Participants will received pre-cycle 1 week dose at 1200 mg/m² and dosing will escalate to 3,000 mg/m² for the three weeks on, one week off cycle. Patients receive 6,8-bis(benzylthio)octanoic acid IV over 2 hours on days 1 and 4 of weeks 1-3. Treatment repeats every 4 weeks for up to 2 courses in the absence of disease progression or unacceptable toxicity. Patients responding to treatment may receive up to 4 more courses of treatment.

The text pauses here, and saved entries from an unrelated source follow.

Lemma swap2_pair_in x y : odd x = odd y -> x + 2 <= m -> y + 2 <= m ->
  swap2 x * swap2 y \in <<reversals>>.
Proof.
wlog xy : x y / x <= y => [W|pxy xm].
  case: (leqP x y) => [|/ltnW] xy pxy xm ym; first exact: W.
  by apply: mulg_invol_sym; [exact: tpV | exact: tpV | apply: W].
have [t ->] : exists t, y = x + 2 * t by exists ((y - x) %/ 2); lia.
elim: t => [|t IH] tm; first by rewrite addn0 /swap2 /tp tperm2 group1.
apply: (@mulg_invol_trans _ _ _ (swap2 (x + 2 * t))); first exact: tpV.
  by apply: IH; lia.
have -> : x + 2 * t.+1 = x + 2 * t + 2 by lia.
by rewrite swap2_mul_swap2 ?cycle3_short_in //; lia.
Qed.

Lemma tp_swap2_in x y z : x < y -> odd x = odd y -> odd z = odd x -> y <= m -> z + 2 <= m ->
  tp x y * swap2 z \in <<reversals>>.
Proof.
move=> xy pxy pzx + zm.
have [t ->] : exists t, y = x + 2 * t + 2 by exists ((y - x) %/ 2 - 1); lia.
elim: t => [|t IH] tm; first by rewrite muln0 addn0; apply: swap2_pair_in; lia.
have -> : x + 2 * t.+1 + 2 = x + 2 * t + 2 + 2 by lia.
rewrite tp_conj_swap2; try lia.
apply: mulg_invol_conj; first exact: tpV.
  by apply: IH; lia.
by apply: swap2_pair_in; lia.
Qed.

Lemma tp_pair_in x y z w : x < y -> z < w -> odd x = odd y -> odd z = odd x -> odd w = odd x ->
  y <= m -> w <= m -> tp x y * tp z w \in <<reversals>>.
Proof.
move=> *; apply: (@mulg_invol_trans _ _ _ (swap2 x)); first exact: tpV.
  by apply: tp_swap2_in; lia.
by apply: mulg_invol_sym; [exact: tpV | exact: tpV | apply: tp_swap2_in; lia].
Qed.

Definition parity_pair (p : bool) : pred (nat * nat) :=
  fun e => [&& e.1 < e.2, e.2 <= m, odd e.1 == p & odd e.2 == p].

Lemma parity_pair_mul_in p :
  {in parity_pair p &, forall e f, tpair e * tpair f \in <<reversals>>}.
Proof.
by move=> [x y] [z w]; rewrite !unfold_in /parity_pair /= => *; apply: tp_pair_in => /=; lia.
Qed.

Lemma parity_pairs_commute :
  {in parity_pair false & parity_pair true, forall e f, commute (tpair e : 'S_m.+1) (tpair f)}.
Proof.
by move=> [x y] [z w]; rewrite !unfold_in /parity_pair /= => *; apply: tp_commute => /=; lia.
Qed.

Lemma count_reversal_pairs p J n : J + 4 * n <= m ->
  count (parity_pair p) (reversal_pairs J (2 * n)) = n.
Proof.
move=> Jnm; rewrite count_map.
transitivity (count (fun i => odd (J + i) == p) (iota 0 (2 * n))).
  by apply: eq_in_count => i; rewrite mem_iota /preim /parity_pair /= => ?; case: p; lia.
elim: n {Jnm} => [//|n IH].
have -> : (2 * n.+1 = 2 * n + 2)%N by lia.
by rewrite iotaD count_cat IH /=; case: (p); lia.
Qed.

(* h = 4k + 2 is exactly what makes both parity counts of [s] even. *)
Lemma swap2_adjacent_in J : h %% 4 = 2 -> J + 2 * h <= m ->
  swap2 J * swap2 J.+1 \in <<reversals>>.
Proof.
move=> h42 Jhm.
pose s := reversal_pairs J h ++ [:: (J, J + 2); (J.+1, J.+1 + 2)].
have prod_s : \prod_(e <- s) (tpair e : 'S_m.+1) = reversal J h * (swap2 J * swap2 J.+1).
  by rewrite /s big_cat /= !big_cons big_nil mulg1.
have countA : count (parity_pair false) s = (h %/ 2).+1.
  rewrite /s count_cat {1}(_ : h = 2 * (h %/ 2))%N; last by lia.
  by rewrite count_reversal_pairs /= /parity_pair /=; lia.
rewrite -(groupMl _ (reversal_in Jhm)) -prod_s.
apply: (prod_two_classes_in (@parity_pair_mul_in false) (@parity_pair_mul_in true)).
- exact: parity_pairs_commute.
- rewrite /s all_cat /= /parity_pair /= andbT; apply/andP; split; last by lia.
  by rewrite all_map; apply/allP => i; rewrite mem_iota /preim /= /parity_pair /=; lia.
- by rewrite countA; lia.
- have := count_predC (parity_pair false) s.
  by rewrite countA /s size_cat size_map size_iota /=; lia.
Qed.

Lemma swap2_mixed_in x y : h %% 4 = 2 -> odd x != odd y -> x + 2 <= m -> y + 2 <= m ->
  swap2 x * swap2 y \in <<reversals>>.
Proof.
move=> h42 pxy xm ym; pose J : nat := odd x.
apply: (@mulg_invol_trans _ _ _ (swap2 J)); first exact: tpV.
  by apply: swap2_pair_in; rewrite /J; lia.
apply: (@mulg_invol_trans _ _ _ (swap2 J.+1)); first exact: tpV.
  by apply: swap2_adjacent_in; rewrite /J; lia.
by apply: swap2_pair_in; rewrite /J; lia.
Qed.

End CrossingGroup.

Participants will received pre-cycle 1 week dose at 600 mg/m² and dosing will escalate to 3,000 mg/m² for the three weeks on, one week off cycle. Patients receive 6,8-bis(benzylthio)octanoic acid IV over 2 hours on days 1 and 4 of weeks 1-3. Treatment repeats every 4 weeks for up to 2 courses in the absence of disease progression or unacceptable toxicity. Patients responding to treatment may receive up to 4 more courses of treatment.